Sepanjang tahun 1825-1830, pangeran Diponegoro melakukan perlawanan
terhadap Belanda, sampai kemudian ditangkap setelah ditipu Belanda secara
licik. Setelah mengundurkan diri dari keanggotaan Dewan Mangkubumi. Ia bersama
pasukannya menetap di Tegalrejo. Belanda mengetahuinya dan menyerang Tegalrejo
pada tanggal 20 Juli 1825. Pasukan Diponegoro lalu berpindah ke Selarong,
sebuah daerah berbukit-bukit yang dijadikan markas besarnya.
Perjuangan Diponegoro mendapat sambutan dari berbagai pihak, yaitu
bangsawan, ulama dan petani. Mereka menggabungkan diri dengan pasukan Pangeran
Diponegoro, termasuk seorang ulama besar, Kyai Mojo dan Sentot Alibasyah
Prawirodirjo, bangsawan yang kemudian menjadi panglima utamanya. Belanda yang
sangat kewalahan atas serangan-serangan
Diponegoro, akhirnya menukar siasat perangnya dengan system benteng.

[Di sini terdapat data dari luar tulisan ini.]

Lemma comp_lip0 h : lip0 dN n0 h -> lip0 d x0 (fun x => h (q x)).
Proof.
move=> h_lip; split; first by rewrite q_x0; case: h_lip.
exists (lipc dN h) => x y; apply: le_trans (lipc_bound dN_ge0 h_lip _ _) _.
by rewrite ler_wpM2l ?(lipc_ge0 dN_ge0 h_lip).
Qed.

Lemma comp_lipc h : lip0 dN n0 h -> lipc d (fun x => h (q x)) <= lipc dN h.
Proof.
move=> h_lip; apply: lipc_le => //; first exact: lipc_ge0 h_lip.
move=> x y; apply: le_trans (lipc_bound dN_ge0 h_lip _ _) _.
by rewrite ler_wpM2l ?(lipc_ge0 dN_ge0 h_lip).
Qed.

Definition pushforward (nu : (M -> R) -> R) : (N -> R) -> R := fun h => nu (fun x => h (q x)).

Lemma pushforward_free nu : free_space d x0 nu -> free_space dN n0 (pushforward nu).
Proof.
move=> nu_free eps eps_gt0; have [s s_near] := nu_free eps eps_gt0.
exists [seq (p.1, q p.2) | p <- s] => h h_lip.
have -> : deval [seq (p.1, q p.2) | p <- s] h = deval s (fun x => h (q x)).
  by rewrite /deval big_map.
apply: le_trans (s_near _ (comp_lip0 h_lip)) _.
by apply: ler_wpM2l; [exact: ltW | exact: comp_lipc].
Qed.

Lemma pushforward_norm nu : free_space d x0 nu ->
  dualnorm dN n0 (pushforward nu) <= dualnorm d x0 nu.
Proof.
move=> nu_free; have [zero_lip zero_le1] := lip0_zero n0 dN_ge0.
apply: ge_sup; first by exists `|pushforward nu (fun _ => 0)|, (fun _ => 0).
move=> r [h [h_lip [h_le1 ->]]].
apply: (dualnorm_ge d_ge0 nu_free (comp_lip0 h_lip)).
exact: le_trans (comp_lipc h_lip) h_le1.
Qed.

Definition predual_lift (psi : (M -> R) -> R) : (M -> R) -> R :=
  match pselect (exists nu, free_space d x0 nu /\ forall f, Y f -> nu f = psi f) with
  | left ex_nu => projT1 (cid ex_nu)
  | right _ => fun _ => 0
  end.

Definition embed (mu : (N -> R) -> R) : (M -> R) -> R :=
  predual_lift (fun f => if pselect (Y f) then mu (B f) else 0).

Lemma embed_spec mu : free_space dN n0 mu ->
  free_space d x0 (embed mu) /\ forall f, Y f -> embed mu f = mu (B f).
Proof.
move=> mu_free; have [K [K0 muK]] := free_bounded dN_ge0 mu_free.
pose psi f := if pselect (Y f) then mu (B f) else 0.
have on_Y f : Y f -> psi f = mu (B f) by rewrite /psi; case: pselect.
have [nu [nu_free nu_Y]] : exists nu, free_space d x0 nu /\ forall f, Y f -> nu f = psi f.
  have [_ lift_ex] := Y_predual; apply: lift_ex.
  - move=> a f g Yf Yg; have [_ _ Y_lin _] := Y_subspace.
    rewrite on_Y; last exact: Y_lin.
    rewrite !on_Y // (B_lin a (Y_lip0 Yf) (Y_lip0 Yg)).
    exact: (free_linear dN_ge0 a mu_free (B_lip0 (Y_lip0 Yf)) (B_lip0 (Y_lip0 Yg))).
  - exists K => f Yf; rewrite on_Y //.
    apply: le_trans (muK _ (B_lip0 (Y_lip0 Yf))) _.
    exact: ler_wpM2l K0 _ _ (B_lipc (Y_lip0 Yf)).
rewrite /embed /predual_lift; case: pselect => [ex_nu|]; last by case; exists nu.
case: cid => nu' [nu'_free nu'_Y] /=; split => // f Yf.
by rewrite nu'_Y //; exact: on_Y.
Qed.

Lemma embed_feq mu1 mu2 : feq dN n0 mu1 mu2 -> embed mu1 = embed mu2.
Proof.
move=> mu12; rewrite /embed; congr predual_lift; apply/funext => f.
by case: pselect => // Yf; apply: mu12; apply: B_lip0; exact: Y_lip0.
Qed.

(* Q o T is the identity on F(N): this is where separation is used. *)
Lemma pushforward_embed mu : free_space dN n0 mu ->
  feq dN n0 (pushforward (embed mu)) mu.
Proof.
move=> mu_free; have [Tmu_free Tmu_Y] := embed_spec mu_free.
have diff_free := free_lincomb dN_ge0 (-1) mu_free (pushforward_free Tmu_free).
suff diff0 : feq dN n0 (fun h => -1 * mu h + pushforward (embed mu) h) (fun _ => 0).
  by move=> h h_lip; have := diff0 h h_lip => /= ?; lra.
apply: contrapT => diff_neq0.
have [h [h_lip Yhq Bhq diff_h]] := separating diff_free diff_neq0.
by apply: diff_h; rewrite /pushforward Tmu_Y // Bhq; lra.
Qed.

Belanda mendirikan benteng di segala penjuru, sehingga ruang gerak
pasukan Diponegoro menjadi sempit. Selain itu, Belanda membujuk beberapa tokoh
perlawanan agar menghentikan perang. Sejak itu, kekuatan perlawanan Diponegoro
menjadi kurang dan lemah. Walaupun begitu, Diponegoro tidak berniat untuk
menyerah kepada Belanda. Belanda kemudian mengumumkan hadiah 20.000 ringgit
bagi siapa saja yang dapat menangkap Pangeran Diponegoro. Namun demikian,
rakyat tak mau dikelabui dan mereka tak hendak menghianati pemimpin yang mereka
cintai.
Setelah tentara-tentaranya banyak yang mati, dan menelan dana yang
sangat banyak, hampir 20 juta golden, Belanda menjebak Pangerang Diponegoro
dalam suatu siasat perundingan di Magelang, tanggal 28 Maret 1830. Pangeran
Diponegoro pun tertangkap, lalu ia di buang ke Manado. Selanjutnya, ia
dipindahkan ke Ujung Pandang dan meninggal di sana pada tanggal 8 Januari 1855.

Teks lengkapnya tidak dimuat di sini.